Protocols for isolating exosomes frequently include differential ultracentrifugation with a density gradient. What benefits does this method offer?

Differential ultracentrifugation has long been considered the 'gold standard' for isolating exosomes because it can reliably provide pure exosomes for study.1,2 A variation on this method using a 30% sucrose cushion eliminates even more contaminants—such as proteins not associated with exosomes, or large protein aggregates—which are sedimented by centrifugation but don’t float on a sucrose gradient. More recently, density gradient centrifugation with iodixanol has outperformed standard ultracentrifugation of CCM in terms of purity for downstream omics profiling.3,4 Density gradients enable efficient separation of vesicles according to their density5, thus providing a “cleaner” population of exosomes.2



[1] Théry C, Amigorena S, Clayton A and Raposo G. Isolation and characterization of exosomes from cell culture supernatants and biological fluids. Curr Protoc Cell Biol. Chapter 3; Unit 3.22: (2006).

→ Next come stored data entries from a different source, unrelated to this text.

(* Let $w\ge1$ and let $m_1,\dots,m_w$ and $l_1,\dots,l_w$ be positive integers with $m_i\ge 3$ for all $i$ and $l_i\le 3$ for all $i\ge 2$. For an integer $k\ge0$ put \[ L(m,l)=\sum_{\substack{k_1,\dots,k_w\ge0\\ k_1+\dots+k_w=k}}\ \prod_{i=1}^w (k_i+m_i)^{l_i-\frac72}. \] Then for every $\delta>0$ there is a constant $C_\delta$ (depending only on $\delta$) such that for all such data, \[ L(m,l)\le C_\delta^{\sum_i m_i}\,(1+\delta)^k\,(k+m_1)^{l_1-\frac72}. \] *)

From Stdlib Require Import Reals.
Open Scope R_scope.

(* Indices i = 1..w of the paper are shifted to i = 0..w-1 here. *)

Definition term (m l : nat -> nat) (i ki : nat) : R :=
  Rpower (INR (ki + m i)) (INR (l i) - 7/2).

(* compsum w f k = sum over (k_0,...,k_{w-1}) in N^w with k_0+...+k_{w-1} = k
   of prod_{i<w} f i k_i.  Defined by recursion on w, splitting off the last
   coordinate k_{w} = j (0 <= j <= k). *)
Fixpoint compsum (w : nat) (f : nat -> nat -> R) (k : nat) : R :=
  match w with
  | O => if Nat.eqb k 0 then 1 else 0
  | S w' => sum_f_R0 (fun j => f w' j * compsum w' f (k - j)%nat) k
  end.

Definition Lsum (w : nat) (m l : nat -> nat) (k : nat) : R :=
  compsum w (term m l) k.

Fixpoint natsum (w : nat) (m : nat -> nat) : nat :=
  match w with
  | O => O
  | S w' => (natsum w' m + m w')%nat
  end.

(* Every factor other than the first is at most 1 (its exponent l_i - 7/2 is
   negative), so the coordinates can be peeled off one at a time.  Moving
   weight j away from the first coordinate costs at most a factor (1 + j)^3,
   since its exponent is at least -5/2; this polynomial loss is absorbed by a
   geometric factor (1 + e)^(3j) still smaller than (1 + delta)^j, so each
   peeled coordinate costs only the sum of a convergent geometric series. *)

From Stdlib Require Import Reals Lra Lia.
Open Scope R_scope.

Lemma Rpower_pos (x a : R) : 0 < Rpower x a.
Proof. apply exp_pos. Qed.

Lemma Rpower_le_1 (x a : R) : 1 <= x -> a <= 0 -> Rpower x a <= 1.
Proof.
  intros Hx Ha. rewrite <- (Rpower_O x) by lra. now apply Rle_Rpower.
Qed.

Lemma Rpower_le_shift (X Y c a : R) (p : nat) :
  0 < Y -> Y <= X <= Y * c -> 1 <= c -> - INR p <= a ->
  Rpower Y a <= Rpower X a * c ^ p.
Proof.
  intros HY [HYX HXc] Hc Hp.
  assert (HX := Rpower_pos X a).
  destruct (Rle_or_lt 0 a) as [Ha | Ha].
  - assert (Rpower Y a <= Rpower X a) by (apply Rle_Rpower_l; lra).
    assert (1 <= c ^ p) by now apply pow_R1_Rle.
    nra.
  - assert (Hsplit : Rpower Y a = Rpower (Y * c) a * Rpower c (- a)).
    { rewrite <- Rpower_mult_distr by lra.
      rewrite Rmult_assoc, <- Rpower_plus, Rplus_opp_r, Rpower_O by lra. ring. }
    assert (HYc : Rpower (Y * c) a <= Rpower X a).
    { rewrite <- (Ropp_involutive a), (Rpower_Ropp (Y * c)), (Rpower_Ropp X).
      apply Rinv_le_contravar; [apply Rpower_pos |].
      apply Rle_Rpower_l; lra. }
    assert (Hcp : Rpower c (- a) <= c ^ p).
    { rewrite <- Rpower_pow by lra. apply Rle_Rpower; lra. }
    rewrite Hsplit.
    apply Rmult_le_compat; auto; left; apply Rpower_pos.
Qed.

Lemma pow_poly_le_geometric (e : R) (p j : nat) :
  0 < e <= 1 -> (1 + INR j) ^ p <= / e ^ p * ((1 + e) ^ p) ^ j.
Proof.
  intros He.
  assert (Hj := pos_INR j).
  assert (Hbern : (1 + INR j) * e <= (1 + e) ^ j).
  { apply Rle_trans with (1 + INR j * e); [nra | now apply poly]. }
  assert (Hep : 0 < e ^ p) by (apply pow_lt; lra).
  rewrite <- pow_mult, Nat.mul_comm, pow_mult.
  apply Rmult_le_reg_l with (e ^ p); auto.
  rewrite <- Rmult_assoc, Rinv_r, Rmult_1_l, <- Rpow_mult_distr by lra.
  rewrite Rmult_comm. apply pow_incr. nra.
Qed.

Lemma sum_geometric_le (x : R) (N : nat) :
  0 <= x < 1 -> sum_f_R0 (fun i => x ^ i) N <= / (1 - x).
Proof.
  intros Hx. rewrite tech3 by lra.
  assert (0 <= x ^ S N) by (apply pow_le; lra).
  unfold Rdiv. rewrite <- (Rmult_1_l (/ (1 - x))) at 2.
  apply Rmult_le_compat_r; [left; apply Rinv_0_lt_compat |]; lra.
Qed.

Lemma compsum_nonneg (w : nat) (f : nat -> nat -> R) (k : nat) :
  (forall i j, 0 <= f i j) -> 0 <= compsum w f k.
Proof.
  revert f k; induction w as [| w IH]; intros f k Hf; simpl.
  - destruct (Nat.eqb k 0); lra.
  - apply cond_pos_sum. intros j. apply Rmult_le_pos; auto.
Qed.

Lemma compsum_1 (f : nat -> nat -> R) (k : nat) : compsum 1 f k = f 0%nat k.
Proof.
  destruct k as [| k]; cbn [compsum]; [simpl; ring |].
  rewrite tech5, Nat.sub_diag, sum_eq_R0.
  - simpl. ring.
  - intros j Hj. replace (S k - j)%nat with (S (k - j)) by lia. simpl. ring.
Qed.

Lemma natsum_ge (w : nat) (m : nat -> nat) :
  (forall i, (i < w)%nat -> (1 <= m i)%nat) -> (w <= natsum w m)%nat.
Proof.
  induction w as [| w IH]; intros Hm; simpl; [lia |].
  assert (w <= natsum w m)%nat by (apply IH; intros i Hi; apply Hm; lia).
  specialize (Hm w ltac:(lia)). lia.
Qed.

Section FirstFactorDominates.

Variable f : nat -> nat -> R.
Variables q r B D : R.

Hypothesis f_nonneg : forall i j, 0 <= f i j.
Hypothesis q_ge1 : 1 <= q.
Hypothesis r_range : 0 <= r < q.
Hypothesis B_nonneg : 0 <= B.
Hypothesis f0_shift : forall k j, (j <= k)%nat -> f 0%nat (k - j) <= B * r ^ j * f 0%nat k.
Hypothesis D_ge1 : 1 <= D.
Hypothesis D_ge_series : B / (1 - r / q) <= D.

Lemma ratio_range : 0 <= r / q < 1.
Proof.
  assert (r / q * q = r) by (field; lra).
  assert (0 <= r / q) by (apply Rmult_le_pos; [| left; apply Rinv_0_lt_compat]; lra).
  split; nra.
Qed.

Lemma shifted_first_factor_le (k j : nat) : (j <= k)%nat ->
  q ^ (k - j) * f 0%nat (k - j) <= B * f 0%nat k * q ^ k * (r / q) ^ j.
Proof.
  intros Hj.
  assert (Hqr : q ^ (k - j) * r ^ j = q ^ k * (r / q) ^ j).
  { replace r with (r / q * q) at 1 by (field; lra).
    replace k with (k - j + j)%nat at 2 by lia.
    rewrite Rpow_mult_distr, pow_add. ring. }
  apply Rle_trans with (q ^ (k - j) * (B * r ^ j * f 0%nat k)).
  - apply Rmult_le_compat_l; [apply pow_le; lra | now apply f0_shift].
  - replace (B * f 0%nat k * q ^ k * (r / q) ^ j)
      with (B * f 0%nat k * (q ^ (k - j) * r ^ j)) by (rewrite Hqr; ring).
    right; ring.
Qed.

Lemma compsum_le_first_factor (n : nat) :
  (forall i j, (1 <= i <= n)%nat -> f i j <= 1) ->
  forall k, compsum (S n) f k <= D ^ n * q ^ k * f 0%nat k.
Proof.
  induction n as [| n IH]; intros Hf1 k.
  - rewrite compsum_1. simpl.
    assert (1 <= q ^ k) by now apply pow_R1_Rle.
    specialize (f_nonneg 0%nat k). nra.
  - set (c := D ^ n * (B * f 0%nat k * q ^ k)).
    assert (HDn : 0 <= D ^ n) by (apply pow_le; lra).
    assert (Hc : 0 <= c).
    { unfold c. repeat apply Rmult_le_pos; auto. apply pow_le; lra. }
    assert (Hterm : forall j, (j <= k)%nat ->
              f (S n) j * compsum (S n) f (k - j) <= (r / q) ^ j * c).
    { intros j Hj.
      assert (f (S n) j <= 1) by (apply Hf1; lia).
      assert (compsum (S n) f (k - j) <= D ^ n * q ^ (k - j) * f 0%nat (k - j))
        by (apply IH; intros i j' Hi; apply Hf1; lia).
      assert (0 <= compsum (S n) f (k - j)) by now apply compsum_nonneg.
      assert (Hshift := shifted_first_factor_le k j Hj).
      specialize (f_nonneg (S n) j).
      apply Rle_trans with (D ^ n * (q ^ (k - j) * f 0%nat (k - j))); [nra |].
      unfold c. rewrite (Rmult_comm ((r / q) ^ j)), Rmult_assoc.
      now apply Rmult_le_compat_l. }
    cbn [compsum].
    apply Rle_trans with (sum_f_R0 (fun j => (r / q) ^ j * c) k); [now apply sum_Rle |].
    rewrite <- scal_sum.
    apply Rle_trans with (c * / (1 - r / q)).
    { apply Rmult_le_compat_l; auto. apply sum_geometric_le, ratio_range. }
    unfold c. simpl pow.
    replace (D ^ n * (B * f 0%nat k * q ^ k) * / (1 - r / q))
      with (D ^ n * q ^ k * f 0%nat k * (B / (1 - r / q))) by (unfold Rdiv; ring).
    replace (D * D ^ n * q ^ k * f 0%nat k) with (D ^ n * q ^ k * f 0%nat k * D) by ring.
    apply Rmult_le_compat_l; auto.
    repeat apply Rmult_le_pos; auto. apply pow_le; lra.
Qed.

End FirstFactorDominates.

Lemma exists_cube_lt (delta : R) :
  0 < delta -> exists e, 0 < e <= 1 /\ (1 + e) ^ 3 < 1 + delta.
Proof.
  intros Hd. exists (Rmin delta 1 / 8).
  assert (Rmin delta 1 <= delta) by apply Rmin_l.
  assert (Rmin delta 1 <= 1) by apply Rmin_r.
  assert (0 < Rmin delta 1) by (apply Rmin_glb_lt; lra).
  simpl. split; [lra | nra].
Qed.

Lemma term_shift (m l : nat -> nat) (k j : nat) :
  (j <= k)%nat -> (1 <= m 0%nat)%nat -> (1 <= l 0%nat)%nat ->
  term m l 0 (k - j) <= term m l 0 k * (1 + INR j) ^ 3.
Proof.
  intros Hjk Hm Hl. unfold term.
  apply Rpower_le_shift.
  - apply lt_0_INR. lia.
  - split; [apply le_INR; lia |].
    replace (k + m 0%nat)%nat with (k - j + m 0%nat + j)%nat by lia.
    rewrite plus_INR.
    assert (1 <= INR (k - j + m 0%nat)) by (apply (le_INR 1); lia).
    assert (Hj := pos_INR j). nra.
  - assert (Hj := pos_INR j). lra.
  - apply (le_INR 1) in Hl. simpl in *. lra.
Qed.

Lemma Lsum_le_first_factor (e delta : R) (n : nat) (m l : nat -> nat) (k : nat) :
  0 <= delta -> 0 < e <= 1 -> (1 + e) ^ 3 < 1 + delta ->
  (forall i, (i <= n)%nat -> (1 <= m i)%nat) ->
  (1 <= l 0%nat)%nat ->
  (forall i, (1 <= i <= n)%nat -> (l i <= 3)%nat) ->
  Lsum (S n) m l k <=
    Rmax 1 (/ e ^ 3 / (1 - (1 + e) ^ 3 / (1 + delta))) ^ n * (1 + delta) ^ k
    * term m l 0 k.
Proof.
  intros Hd He Hr Hm Hl0 Hl3.
  assert (HB : 0 <= / e ^ 3) by (left; apply Rinv_0_lt_compat, pow_lt; lra).
  apply compsum_le_first_factor with (r := (1 + e) ^ 3) (B := / e ^ 3).
  - intros i j. left; apply Rpower_pos.
  - lra.
  - split; [apply pow_le |]; lra.
  - exact HB.
  - intros k' j Hj.
    apply Rle_trans with (term m l 0 k' * (1 + INR j) ^ 3).
    + apply term_shift; [lia | apply Hm; lia | exact Hl0].
    + rewrite (Rmult_comm _ (term m l 0 k')).
      apply Rmult_le_compat_l; [left; apply Rpower_pos |].
      now apply pow_poly_le_geometric.
  - apply Rmax_l.
  - apply Rmax_r.
  - intros i j Hi. apply Rpower_le_1.
    + apply (le_INR 1). specialize (Hm i ltac:(lia)). lia.
    + assert (Hli := le_INR _ _ (Hl3 i Hi)). simpl in Hli. lra.
Qed.

Theorem proposition4p18 :
  forall delta : R, 0 < delta ->
  exists C : R,
    forall (w : nat) (m l : nat -> nat) (k : nat),
      (1 <= w)%nat ->
      (forall i, (i < w)%nat -> (3 <= m i)%nat) ->
      (forall i, (i < w)%nat -> (1 <= l i)%nat) ->
      (forall i, (1 <= i < w)%nat -> (l i <= 3)%nat) ->
      Lsum w m l k <=
        C ^ (natsum w m) * (1 + delta) ^ k
        * Rpower (INR (k + m 0%nat)) (INR (l 0%nat) - 7/2).
Proof.
  intros delta Hd.
  destruct (exists_cube_lt delta Hd) as [e [He Hr]].
  set (C := Rmax 1 (/ e ^ 3 / (1 - (1 + e) ^ 3 / (1 + delta)))).
  exists C. intros w m l k Hw Hm Hl Hl3.
  destruct w as [| n]; [lia |].
  apply Rle_trans with (C ^ n * (1 + delta) ^ k * term m l 0 k).
  { apply Lsum_le_first_factor; [lra | exact He | exact Hr | ..].
    - intros i Hi. specialize (Hm i ltac:(lia)). lia.
    - apply Hl. lia.
    - intros i Hi. apply Hl3. lia. }
  assert (Hn : (n <= natsum (S n) m)%nat).
  { assert (Hsum := natsum_ge (S n) m). simpl in Hsum |- *.
    enough (S n <= natsum n m + m n)%nat by lia.
    apply Hsum. intros i Hi. specialize (Hm i Hi). lia. }
  apply Rmult_le_compat_r; [left; apply Rpower_pos |].
  apply Rmult_le_compat_r; [apply pow_le; lra |].
  apply Rle_pow; [apply Rmax_l | exact Hn].
Qed.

[2] Momen-Heravi F, Balaj L, et al. Current methods for the isolation of extracellular vesicles. Biol Chem. 394;1253-62: (2013). doi: 10.1515/hsz-2013-0141.

[3] Van Deun J, Mestdagh P, Sormunen R, et al. The impact of disparate isolation methods for extracellular vesicles on downstream RNA profiling. J Extracell Vesicles. 3; 24858: (2014). doi: org/10.3402/jev.v3.24858.

[4] Lobb RJ, Becker M, Wen SW, et al. Optimized exosome isolation protocol for cell culture supernatant and human plasma. J Extracell Vesicles. 4; 27031: (2015). doi: org/10.3402/jev.v4.27031.

[5] Witwer KW, Buzás EI, Bemis LT, et al. Standardization of sample collection, isolation and analysis methods in extracellular vesicle research. J Extracell Vesicles. 2; 20360: (2013). doi: org/10.3402/jev.v2i0.20360.